Please tally the lines in the material below that contain the word "first", and give the count only.

## Records provided
%%
(* Let $R$ be a finite chain ring of length $2$ with residue field $\mathbb{F}_q$ and let $1\le n\le q^2+q$. Then $$\mathrm{m}_n(R)\le\left\lfloor\frac{(q+1)n-q}{q+2}\cdot(q^2+q+1)\right\rfloor.$$
   Context: Throughout, $R$ is a finite chain ring of nilpotency index (length) $2$, i.e. a finite local ring with radical $\mathrm{rad}R\neq 0$, $(\mathrm{rad}R)^2=0$, whose one-sided ideals form the chain $R\supsetneq\mathrm{rad}R\supsetneq 0$, with residue field $R/\mathrm{rad}R\cong\mathbb{F}_q$ ($q$ a prime power); then $|R|=q^2$. The projective Hjelmslev plane $\mathrm{PHG}(2,R)$ is the incidence structure whose points are the free rank-$1$ submodules of the right module $R_R^3$, whose lines are the free rank-$2$ submodules of $R_R^3$, with incidence given by inclusion; it has $q^4+q^3+q^2$ points and each line contains $q^2+q$ points. A $(k,n)$-arc is a map $\mathcal{K}$ from the point set to $\mathbb{N}_0$ with $\sum_x\mathcal{K}(x)=k$ and $\sum_{x\in L}\mathcal{K}(x)\le n$ for every line $L$; it is projective if $\mathcal{K}$ takes only values in $\{0,1\}$ (i.e. it is a set of $k$ points meeting every line in at most $n$ points). For $0\le n\le q^2+q$, $\mathrm{m}_n(R)$ denotes the largest $k$ such that a projective $(k,n)$-arc exists in $\mathrm{PHG}(2,R)$. *)

From HB Require Import structures.
From mathcomp Require Import all_boot all_order all_algebra.
Set Implicit Arguments. Unset Strict Implicit. Unset Printing Implicit Defensive.
Import GRing.Theory.
Local Open Scope ring_scope.

Section ChainRing.
Variable R : finUnitRingType.

(* The set of non-units; for a local ring this is the radical crad R. *)
Definition crad : {set R} := [set x : R | x \isn't a GRing.unit].

(* R is local: the non-units form an additive subgroup (hence the unique
   maximal (two-sided) ideal = Jacobson radical). *)
Definition is_local : Prop :=
  forall x y : R, x \in crad -> y \in crad -> x + y \in crad.

Definition is_right_ideal (I : {set R}) : Prop :=
  0 \in I /\ (forall x y, x \in I -> y \in I -> x + y \in I) /\
  (forall x r, x \in I -> x * r \in I).

Definition is_left_ideal (I : {set R}) : Prop :=
  0 \in I /\ (forall x y, x \in I -> y \in I -> x + y \in I) /\
  (forall x r, x \in I -> r * x \in I).

Definition chain_ring2 : Prop :=
  [/\ is_local,
      crad != [set 0],
      (forall x y, x \in crad -> y \in crad -> x * y = 0),
      (forall I, is_right_ideal I -> I = setT \/ I = crad \/ I = [set 0]) &
      (forall I, is_left_ideal I -> I = setT \/ I = crad \/ I = [set 0])].

(* The right module R_R^3, vectors as row vectors. *)
Definition rscale (v : 'rV[R]_3) (r : R) : 'rV[R]_3 := \row_i (v 0 i * r).

Definition comb k (b : {ffun 'I_k -> 'rV[R]_3}) (c : 'rV[R]_k) : 'rV[R]_3 :=
  \sum_(i < k) rscale (b i) (c 0 i).

Definition is_submodule (M : {set 'rV[R]_3}) : bool :=
  [&& 0 \in M, [forall x in M, forall y in M, x + y \in M] &
      [forall x in M, forall r : R, rscale x r \in M]].

Definition free_rank k (M : {set 'rV[R]_3}) : bool :=
  is_submodule M &&
  [exists b : {ffun 'I_k -> 'rV[R]_3},
     injectiveb (comb b) && (M == [set comb b c | c : 'rV[R]_k])].

(* Points and lines of PHG(2,R); incidence is inclusion. *)
Definition is_point (M : {set 'rV[R]_3}) : bool := free_rank 1 M.
Definition is_line (M : {set 'rV[R]_3}) : bool := free_rank 2 M.

Definition proj_arc (S : {set {set 'rV[R]_3}}) (n : nat) : bool :=
  [forall x in S, is_point x] &&
  [forall L : {set 'rV[R]_3}, is_line L ==>
     (#|[set x in S | x \subset L]| <= n)%N].

Definition m_n (n : nat) : nat :=
  \max_(S : {set {set 'rV[R]_3}} | proj_arc S n) #|S|.

End ChainRing.

From mathcomp Require Import all_boot all_order all_algebra zify.
Set Implicit Arguments. Unset Strict Implicit. Unset Printing Implicit Defensive.
Import GRing.Theory.

(* Write q = |rad R|, so |R| = q^2.  Let S be a projective (k,n)-arc and M the
   largest number of points of S in one neighbour class, attained at x in S.
   There are at most q^2+q lines through x, each carrying at most n-1 further
   points of S; every other point of S lies on at least one of them, and every
   neighbour of x on at least q of them.  Counting incidences gives
   (k-1) + (q-1)(M-1) <= (q^2+q)(n-1).  As the at most q^2+q+1 neighbour
   classes cover S, k <= (q^2+q+1) M, and eliminating M gives the bound. *)

Local Open Scope ring_scope.

Section ChainRing.
Variable R : finUnitRingType.
Hypothesis chainR : chain_ring2 R.
Local Notation J := (crad R).

Lemma cradE (x : R) : (x \in J) = (x \isn't a GRing.unit).
Proof. by rewrite inE. Qed.

Lemma crad0 : (0 : R) \in J. Proof. by rewrite cradE unitr0. Qed.

Lemma crad1 : (1 : R) \notin J. Proof. by rewrite cradE unitr1. Qed.

Lemma crad_unit (x : R) : x \notin J -> x \is a GRing.unit.
Proof. by rewrite cradE negbK. Qed.

Lemma cradN (x : R) : (- x \in J) = (x \in J).
Proof. by rewrite !cradE unitrN. Qed.

Lemma cradD (x y : R) : x \in J -> y \in J -> x + y \in J.
Proof. by case: chainR => localR _ _ _ _; apply: localR. Qed.

Lemma cradB (x y : R) : x \in J -> y \in J -> x - y \in J.
Proof. by move=> xJ yJ; rewrite cradD ?cradN. Qed.

Lemma crad_mul0 (x y : R) : x \in J -> y \in J -> x * y = 0.
Proof. by case: chainR => _ _ sqJ _ _; apply: sqJ. Qed.

Lemma cradMl (x y : R) : y \in J -> x * y \in J.
Proof.
move=> yJ; have [xu | xJ] := boolP (x \is a GRing.unit).
  by rewrite cradE unitrMr // -cradE.
by rewrite (crad_mul0 _ yJ) ?crad0 // cradE.
Qed.

Lemma cradMr (x y : R) : x \in J -> x * y \in J.
Proof.
move=> xJ; have [yu | yJ] := boolP (y \is a GRing.unit).
  by rewrite cradE unitrMl // -cradE.
by rewrite (crad_mul0 xJ) ?crad0 // cradE.
Qed.

Lemma crad_neq0 : exists2 t : R, t \in J & t != 0.
Proof.
case: chainR => _ J_neq0 _ _ _.
have /subsetPn[t tJ] : ~~ (J \subset [set 0]).
  by apply: contra J_neq0 => sJ0; rewrite eqEsubset sJ0 sub1set crad0.
by rewrite inE => t_neq0; exists t.
Qed.

Lemma card_crad_gt1 : (1 < #|J|)%N.
Proof.
have [t tJ t_neq0] := crad_neq0.
by apply/card_gt1P; exists t, 0; rewrite tJ crad0 t_neq0.
Qed.

Lemma crad_annl (t x : R) : t != 0 -> x * t = 0 -> x \in J.
Proof.
move=> t_neq0 xt0; apply: contraNT t_neq0 => /crad_unit xu.
by rewrite -(mulrI_eq0 _ (mulrI xu)) xt0.
Qed.

Lemma crad_annr (t x : R) : t != 0 -> t * x = 0 -> x \in J.
Proof.
move=> t_neq0 tx0; apply: contraNT t_neq0 => /crad_unit xu.
by rewrite -(mulIr_eq0 _ (mulIr xu)) tx0.
Qed.

(* Any nonzero element of the radical generates it, on either side, because
   the one-sided ideals of R form a chain. *)
Lemma crad_lgen (t j : R) : t \in J -> t != 0 -> j \in J -> exists a, j = a * t.
Proof.
move=> tJ t_neq0; pose I := [set a * t | a : R].
have idealI : is_left_ideal I.
  split; first by apply/imsetP; exists 0; rewrite ?mul0r.
  split=> [x y /imsetP[a _ ->] /imsetP[b _ ->] | x r /imsetP[a _ ->]].
    by apply/imsetP; exists (a + b); rewrite ?mulrDl.
  by apply/imsetP; exists (r * a); rewrite ?mulrA.
case: chainR => _ _ _ _ /(_ I idealI) [IT | [IJ | I0]].
- have /imsetP[a _ a_t] : (1 : R) \in I by rewrite IT inE.
  by have := crad1; rewrite a_t cradMl.
- by rewrite -IJ => /imsetP[a _ ->]; exists a.
- have : t \in I by apply/imsetP; exists 1; rewrite ?mul1r.
  by rewrite I0 inE (negbTE t_neq0).
Qed.

Lemma crad_rgen (t j : R) : t \in J -> t != 0 -> j \in J -> exists a, j = t * a.
Proof.
move=> tJ t_neq0; pose I := [set t * a | a : R].
have idealI : is_right_ideal I.
  split; first by apply/imsetP; exists 0; rewrite ?mulr0.
  split=> [x y /imsetP[a _ ->] /imsetP[b _ ->] | x r /imsetP[a _ ->]].
    by apply/imsetP; exists (a + b); rewrite ?mulrDr.
  by apply/imsetP; exists (a * r); rewrite ?mulrA.
case: chainR => _ _ _ /(_ I idealI) [IT | [IJ | I0]] _.
- have /imsetP[a _ t_a] : (1 : R) \in I by rewrite IT inE.
  by have := crad1; rewrite t_a cradMr.
- by rewrite -IJ => /imsetP[a _ ->]; exists a.
- have : t \in I by apply/imsetP; exists 1; rewrite ?mulr1.
  by rewrite I0 inE (negbTE t_neq0).
Qed.

(* For 0 != t in J, the map r |-> t r sends R onto J with fibres the cosets of J. *)
Lemma card_crad_sq : (#|J| * #|J| = #|R|)%N.
Proof.
have [t tJ t_neq0] := crad_neq0.
have card_fibre y : y \in J -> #|[set r | t * r == y]| = #|J|.
  move=> /(crad_rgen tJ t_neq0)[r0 ->].
  have -> : [set r | t * r == t * r0] = [set r0 + s | s in J].
    apply/setP => r; rewrite inE; apply/eqP/imsetP => [tr | [s sJ ->]].
      exists (r - r0); last by rewrite addrC subrK.
      by apply: (crad_annr t_neq0); rewrite mulrBr tr subrr.
    by rewrite mulrDr (crad_mul0 tJ sJ) addr0.
  by rewrite card_imset //; apply: addrI.
rewrite -[RHS]sum1_card (partition_big (fun r => t * r) (mem J)) /=; last first.
  by move=> r _; apply: cradMr.
rewrite -sum_nat_const; apply: eq_bigr => y yJ.
by rewrite -(card_fibre y yJ) -sum1_card; apply: eq_bigl => r; rewrite inE.
Qed.

End ChainRing.

Lemma card_disjoint_family (T : finType) (F : {set {set T}}) (U : {set T}) (a : nat) :
  (forall A, A \in F -> A \subset U) ->
  (forall A B, A \in F -> B \in F -> A != B -> [disjoint A & B]) ->
  (forall A, A \in F -> a <= #|A|)%N ->
  (#|F| * a <= #|U|)%N.
Proof.
move=> subU disjF bigF.
have trivF : trivIset F by apply/trivIsetP.
rewrite -sum_nat_const; apply: (@leq_trans (\sum_(A in F) #|A|)); first exact: leq_sum.
by rewrite (eqnP trivF) subset_leq_card //; apply/bigcupsP.
Qed.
%%
## Result
4